Work instructions
Only the lines from the top of the data through the one with "(2 <= n)%N -> (2 <= m)%N" are to be written out, each exactly as it stands.
*** Opening of Listed records ***
Lemma diag01_nscalar a : diag01 != a%:M.
Proof.
apply/negP => /eqP/matrixP entries.
have := entries ord0 ord0; have := entries ord_max ord_max.
by rewrite !mxE !eqxx /= !mulr1n => <- /eqP; rewrite eq_sym oner_eq0.
Qed.

End ScalarStates.

Unset Implicit Arguments.

Theorem proposition5 (C : numClosedFieldType) :
  (forall (n m : nat) (sigma : 'M[C]_n) (rho : 'M[C]_(tdim m n)),
      (2 <= n)%N -> (2 <= m)%N -> selfadj sigma -> density rho ->
      (sigmaSMC sigma rho -> sigmaEC sigma rho) /\
      (simple_spectrum sigma -> sigmaSMC sigma rho -> RSC rho) /\
      (simple_spectrum sigma -> sigmaSMC sigma rho -> SSC rho))
  /\ (exists (n m : nat) (sigma : 'M[C]_n) (rho : 'M[C]_(tdim m n)),
      (2 <= n)%N /\ (2 <= m)%N /\ selfadj sigma /\ density rho /\
      sigmaEC sigma rho /\ ~ sigmaSMC sigma rho)
  /\ (exists (n m : nat) (sigma : 'M[C]_n) (rho : 'M[C]_(tdim m n)),
      (2 <= n)%N /\ (2 <= m)%N /\ selfadj sigma /\ density rho /\
      simple_spectrum sigma /\ RSC rho /\ ~ sigmaSMC sigma rho)
  /\ (exists (n m : nat) (sigma : 'M[C]_n) (rho : 'M[C]_(tdim m n)),
      (2 <= n)%N /\ (2 <= m)%N /\ selfadj sigma /\ density rho /\
      simple_spectrum sigma /\ SSC rho /\ ~ sigmaSMC sigma rho).
Proof.
split.
  move=> n m sigma rho _ m_gt1 sigma_sa [rho_psd _]; split; first exact: sigmaSMC_EC.
  split=> sigma_simple [r [s [P [sigma_dec rho_SMC]]]];
    rewrite (SMC_const_support sigma_sa sigma_simple sigma_dec rho_psd rho_SMC).
    by apply: const_support_RSC; rewrite // trmxCK spectralmx_unitary.
  exact: const_support_SSC.
have tdim_gt0 : (0 < tdim 2 2)%N by rewrite /tdim card_ffun !card_ord.
have not_SMC : ~ sigmaSMC (diag01 C) (maxmixed C 2 2).
  apply: scalar_not_sigmaSMC; last exact: diag01_nscalar.
  by rewrite invr_eq0 pnatr_eq0 -lt0n.
have witness (Q : Prop) : Q ->
    (2 <= 2)%N /\ (2 <= 2)%N /\ selfadj (diag01 C) /\ density (maxmixed C 2 2) /\ Q.
  move=> HQ; do 2 (split; first by []).
  by split; [exact: diag01_selfadj|split; [exact: maxmixed_density|]].
split; [|split]; exists 2%N, 2%N, (diag01 C), (maxmixed C 2 2); apply: witness.
- by split; [exact: scalar_sigmaEC|].
- by split; [exact: diag01_simple|split; [exact: scalar_RSC|]].
- by split; [exact: diag01_simple|split; [exact: scalar_SSC|]].
Qed.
*** Close of Listed records ***
Solution
Lemma diag01_nscalar a : diag01 != a%:M.
Proof.
apply/negP => /eqP/matrixP entries.
have := entries ord0 ord0; have := entries ord_max ord_max.
by rewrite !mxE !eqxx /= !mulr1n => <- /eqP; rewrite eq_sym oner_eq0.
Qed.

End ScalarStates.

Unset Implicit Arguments.

Theorem proposition5 (C : numClosedFieldType) :
  (forall (n m : nat) (sigma : 'M[C]_n) (rho : 'M[C]_(tdim m n)),
      (2 <= n)%N -> (2 <= m)%N -> selfadj sigma -> density rho ->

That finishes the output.